The day comes when his company is presenting him with a gold watch. That day means a great deal to him. So he carefully dresses her in the pink dress she always saved for special occassions and together they take the train to New York City, then walk three blocks to the New York City’s Library. Dad leads her up the steps and through the halls to the Rose Reading Room. He sits his wife at the far side table of a table where there is only one young woman reading and places a newspaper in front of her. Turning her head to look at him, “Now remember”, he whispers, “you must stay here and wait for me. I’ll be back soon.” He looks her right in the eye and holds her chin. “Promise me you will stay here. Don’t move.”
She says nothing and looks at the newspaper. He quickly heads to the exit, running down 5th Ave. to the Park Ave. branch of his bank and takes the express elevator to the conference room on the 41st floor. Stopping to catch his breath, he adjusts his tie and enters the room filled with his immediate supervisors. While his boss gives a heartfelt speech, honoring his 30 years of service to the bank, Dad watches the clock.
None of his co-workers knew of Mom’s illness. After warm handshakes and brief good-byes, he reverses his course and races back to the library.
When Dad gets to the room where he left his wife, the newspaper lies untouched, but she is gone. Frantically, he looks around. The tables are now filled with people. He asks if anyone has seen a woman in a pink dress. Someone says, “She left 10 minutes ago.” His heart is pounding. He cannot think. His wife carried a pink purse, but no identification in it. He runs through the library, out the entrance, and stands at the top of the stairs. He scans the mass of people before him, and looks for a pink dress in a sea of muted blacks, browns and grays. At last he prays, “Oh, God, Oh God. Please, please, please…” He finds her at last, standing in front of a storefront window gazing at the mannequins.
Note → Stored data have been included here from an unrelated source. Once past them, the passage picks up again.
Lemma card_lines_block (Ls : 'I_n -> word T n) (Q : pred (option bool)) :
  (forall i, line_contains w (Ls i) = Q (block i)) ->
  #|[pred i | line_contains w (Ls i)]| =
  k * Q (Some false) + k * Q (Some true) + (n - 2 * k) * Q None.
Proof.
by move=> LsQ; rewrite card_sum_pred -(sum_block Q); apply: eq_bigr => i _ /=; rewrite LsQ.
Qed.

Lemma middle_row_border_cols (G : grid T n) :
  occurs (row_line G) None
  + occurs (col_line G) (Some false) + occurs (col_line G) (Some true) <= 2.
Proof.
case: occursP => [[i bi [s rowi]]|_]; last by case: occurs; case: occurs.
have col_block q : occurs (col_line G) (Some q) -> q = ~~ s.
  case/occursP=> j bj [t colj].
  by have := pattern_cross rowi colj (erefl (G i j)); rewrite bi bj; case: (q); case: (s).
suff: ~~ (occurs (col_line G) (Some false) && occurs (col_line G) (Some true)) by lia.
by apply/andP=> [[/col_block cF /col_block cT]]; rewrite -cT in cF.
Qed.

Lemma middle_col_border_rows (G : grid T n) :
  occurs (col_line G) None
  + occurs (row_line G) (Some false) + occurs (row_line G) (Some true) <= 2.
Proof. exact: (middle_row_border_cols (transpose G)). Qed.

Definition border_groups (G : grid T n) : nat :=
  occurs (row_line G) (Some false) + occurs (row_line G) (Some true)
  + occurs (col_line G) (Some false) + occurs (col_line G) (Some true).

Lemma border_groups_le2_of_sides (G : grid T n) (s t : bool) :
  (forall (i : 'I_n) s', block i != None -> row_line G i =1 pattern s' -> s' = s) ->
  (forall (j : 'I_n) t', block j != None -> col_line G j =1 pattern t' -> t' = t) ->
  border_groups G <= 2.
Proof.
move=> row_side col_side.
have cross p q : occurs (row_line G) (Some p) -> occurs (col_line G) (Some q) ->
    (q == s) = (p == t).
  case/occursP=> i bi [s' rowi]; case/occursP=> j bj [t' colj].
  rewrite -(row_side i s') ?bi // -(col_side j t') ?bj //.
  by have := pattern_cross rowi colj (erefl (G i j)); rewrite bi bj.
have rows_both q : occurs (row_line G) (Some false) -> occurs (row_line G) (Some true) ->
    ~~ occurs (col_line G) (Some q).
  by move=> rF rT; apply/negP=> cq; move: (cross _ _ rF cq); rewrite (cross _ _ rT cq); case: (t).
have cols_both p : occurs (col_line G) (Some false) -> occurs (col_line G) (Some true) ->
    ~~ occurs (row_line G) (Some p).
  by move=> cF cT; apply/negP=> rp; move: (cross _ _ rp cF); rewrite -(cross _ _ rp cT); case: (s).
move: (rows_both false) (rows_both true) (cols_both false) (cols_both true).
rewrite /border_groups; lia.
Qed.

Lemma diag_row_side (G : grid T n) e (i : 'I_n) s :
  diag_line G =1 pattern e -> block i != None -> row_line G i =1 pattern s -> s = e.
Proof.
move=> diagG bi rowi; have := pattern_cross rowi diagG (erefl (G i i)).
by case: (block i) bi => // p _ /=; case: p; case: (s); case: (e).
Qed.

Lemma antidiag_row_side (G : grid T n) e (i : 'I_n) s :
  antidiag_line G =1 pattern e -> block i != None -> row_line G i =1 pattern s -> s = ~~ e.
Proof.
move=> adiagG bi rowi; have := pattern_cross rowi adiagG (erefl (G i (rev_ord i))).
by rewrite block_rev; case: (block i) bi => // p _ /=; case: p; case: (s); case: (e).
Qed.

Lemma antidiag_col_side (G : grid T n) e (j : 'I_n) t :
  antidiag_line G =1 pattern e -> block j != None -> col_line G j =1 pattern t -> t = e.
Proof.
move=> adiagG bj colj.
have := pattern_cross colj adiagG (y := rev_ord j) (x := rev_ord j).
rewrite /antidiag_line rev_ordK block_rev => /(_ erefl).
by case: (block j) bj => // p _ /=; case: p; case: (t); case: (e).
Qed.

Lemma diag_border_groups_le2 (G : grid T n) :
  line_contains w (diag_line G) -> border_groups G <= 2.
Proof.
case/line_containsP=> e diagG; apply: (border_groups_le2_of_sides (s := e) (t := e)) => i s bi.
  exact: diag_row_side.
exact: (diag_row_side (G := transpose G)).
Qed.

Lemma antidiag_border_groups_le2 (G : grid T n) :
  line_contains w (antidiag_line G) -> border_groups G <= 2.
Proof.
case/line_containsP=> e adiagG; apply: (border_groups_le2_of_sides (s := ~~ e) (t := e)) => i s bi.
  exact: antidiag_row_side.
exact: antidiag_col_side.
Qed.

Lemma diags_no_border_row_col (G : grid T n) :
  line_contains w (diag_line G) -> line_contains w (antidiag_line G) ->
  ~~ ((occurs (row_line G) (Some false) || occurs (row_line G) (Some true))
      && (occurs (col_line G) (Some false) || occurs (col_line G) (Some true))).
Proof.
case/line_containsP=> e diagG /line_containsP[e' adiagG].
have border (Ls : 'I_n -> word T n) : occurs Ls (Some false) || occurs Ls (Some true) ->
    exists2 i : 'I_n, block i != None & exists s, Ls i =1 pattern s.
  by case/orP=> /occursP[i bi Li]; exists i; rewrite ?bi.
apply/negP=> /andP[/border[i bi [s rowi]] /border[j bj [t colj]]].
move: (diag_row_side diagG bi rowi) (antidiag_row_side adiagG bi rowi).
move: (diag_row_side (G := transpose G) diagG bj colj) (antidiag_col_side adiagG bj colj).
by move=> -> -> ->; case: (e').
Qed.

Lemma weighted_line_count_le (rF rT rN cF cT cN dg ad : bool) :
  rN + cF + cT <= 2 -> cN + rF + rT <= 2 ->
  (dg || ad -> rF + rT + cF + cT <= 2) ->
  (dg -> ad -> ~~ ((rF || rT) && (cF || cT))) ->
  k * rF + k * rT + (n - 2 * k) * rN + (k * cF + k * cT + (n - 2 * k) * cN) + dg + ad
    <= maxn (2 * (n - k) + 1) (4 * k).
Proof. by move: rF rT rN cF cT cN dg ad; do 8!case; rewrite ?muln0 ?muln1; lia. Qed.

Lemma fwG_le (G : grid T n) : fwG w G <= maxn (2 * (n - k) + 1) (4 * k).
Proof.
apply: leq_trans (weighted_line_count_le (middle_row_border_cols G) (middle_col_border_rows G)
  _ (@diags_no_border_row_col G)).
  by rewrite /fwG !leq_add2r leq_add ?card_lines_le.
by case/orP=> [/diag_border_groups_le2|/antidiag_border_groups_le2].
Qed.

Fact n_gt0 : 0 < n. Proof. lia. Qed.

Definition first_index : 'I_n := Ordinal n_gt0.
Local Notation last_index := (rev_ord first_index).

Lemma block_first : block first_index = Some false.
Proof. by rewrite /block /= k_gt0. Qed.

Lemma block_last : block last_index = Some true.
Proof. by rewrite block_rev block_first. Qed.

Lemma border_eq_not_contained (L : word T n) (i j : 'I_n) :
  block i = Some false -> block j = Some true -> L i = L j -> ~~ line_contains w L.
Proof.
move=> bi bj eLij; apply/line_containsP=> [[s eL]]; move: eLij.
by rewrite !eL /pattern bi bj; case: (s) => /eqP; rewrite ?(negbTE hAM) // eq_sym (negbTE hAM).
Qed.

Definition corners_grid : grid T n :=
  fun i j => if (block i == block j) && (block i != None) then A else M.

Lemma corners_grid_sym i j : corners_grid i j = corners_grid j i.
Proof. by rewrite /corners_grid eq_sym; case: eqP => // ->. Qed.

Lemma corners_row i : line_contains w (row_line corners_grid i) = (block i != None).
Proof.
case bi: (block i) => [s|] /=.
  by apply/line_containsP; exists s => j; rewrite /row_line /corners_grid /pattern bi eq_sym andbT.
apply/negbTE/(border_eq_not_contained block_first block_last).
by rewrite /row_line /corners_grid bi !andbF.
Qed.

Lemma fwG_corners : fwG w corners_grid = 4 * k.
Proof.
have no_diag : ~~ line_contains w (diag_line corners_grid).
  apply: (border_eq_not_contained block_first block_last).
  by rewrite /diag_line /corners_grid !eqxx block_first block_last.
have no_antidiag : ~~ line_contains w (antidiag_line corners_grid).
  apply: (border_eq_not_contained block_first block_last).
  by rewrite /antidiag_line /corners_grid rev_ordK block_first block_last.
rewrite fwG_sym; last exact: corners_grid_sym.
rewrite (negbTE no_diag) (negbTE no_antidiag).
rewrite (card_lines_block (Q := fun x => x != None) corners_row) /=.
lia.
Qed.

Definition first_block_grid : grid T n := fun i j =>
  if block i == Some false then
    if block j == Some false then (if i == j then A else M) else A
  else pattern false j.

Lemma first_block_grid_sym i j : first_block_grid i j = first_block_grid j i.
Proof.
rewrite /first_block_grid /pattern [i == j]eq_sym.
by case: (block i == Some false); case: (block j == Some false).
Qed.

Lemma first_block_row i :
  line_contains w (row_line first_block_grid i) = (block i != Some false).
Proof.
rewrite /row_line /first_block_grid; have [bi|bi] := eqVneq (block i) (Some false).
  apply/negbTE/(border_eq_not_contained bi block_last).
  by rewrite eqxx bi block_last.
by apply/line_containsP; exists false.
Qed.

Lemma fwG_first_block : fwG w first_block_grid = 2 * (n - k) + 1.
Proof.
have diag : line_contains w (diag_line first_block_grid).
  apply/line_containsP; exists false => i.
  by rewrite /diag_line /first_block_grid /pattern eqxx; case: (block i == Some false).
have no_antidiag : ~~ line_contains w (antidiag_line first_block_grid).
  apply: (border_eq_not_contained block_first block_last).
  by rewrite /antidiag_line /first_block_grid /pattern rev_ordK block_first block_last.
rewrite fwG_sym; last exact: first_block_grid_sym.
rewrite diag (negbTE no_antidiag).
rewrite (card_lines_block (Q := fun x => x != Some false) first_block_row) /=.
lia.
Qed.

End AkMk.

Theorem theorem5 (T : eqType) (A M : T) (n k : nat) :
  A != M -> (2 <= n)%N -> (1 <= k)%N -> (2 * k <= n)%N ->
  let m := maxn (2 * (n - k) + 1) (4 * k) in
  (exists G : grid T n, fwG (@AkMword T n k A M) G = m) /\
  (forall G : grid T n, (fwG (@AkMword T n k A M) G <= m)%N).
Proof.
move=> hAM _ k_gt0 hkn m; split; last exact: fwG_le.
rewrite /m; case: leqP => _.
  by exists (corners_grid A M k); exact: fwG_corners.
by exists (first_block_grid A M k); exact: fwG_first_block.
Qed.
This was the mid 70’s, long before Alzheimer’s support groups existed. Families took care of their own. A proud, independent man who never asked anyone for help, it was many years before Janet’s Dad had the courage to tell any of his children this story. Did they judge him harshly for this slip in judgment? Hardly. Instead, his models of patience, love and fortitude have sustained Janet as she navigates challenges in her own life.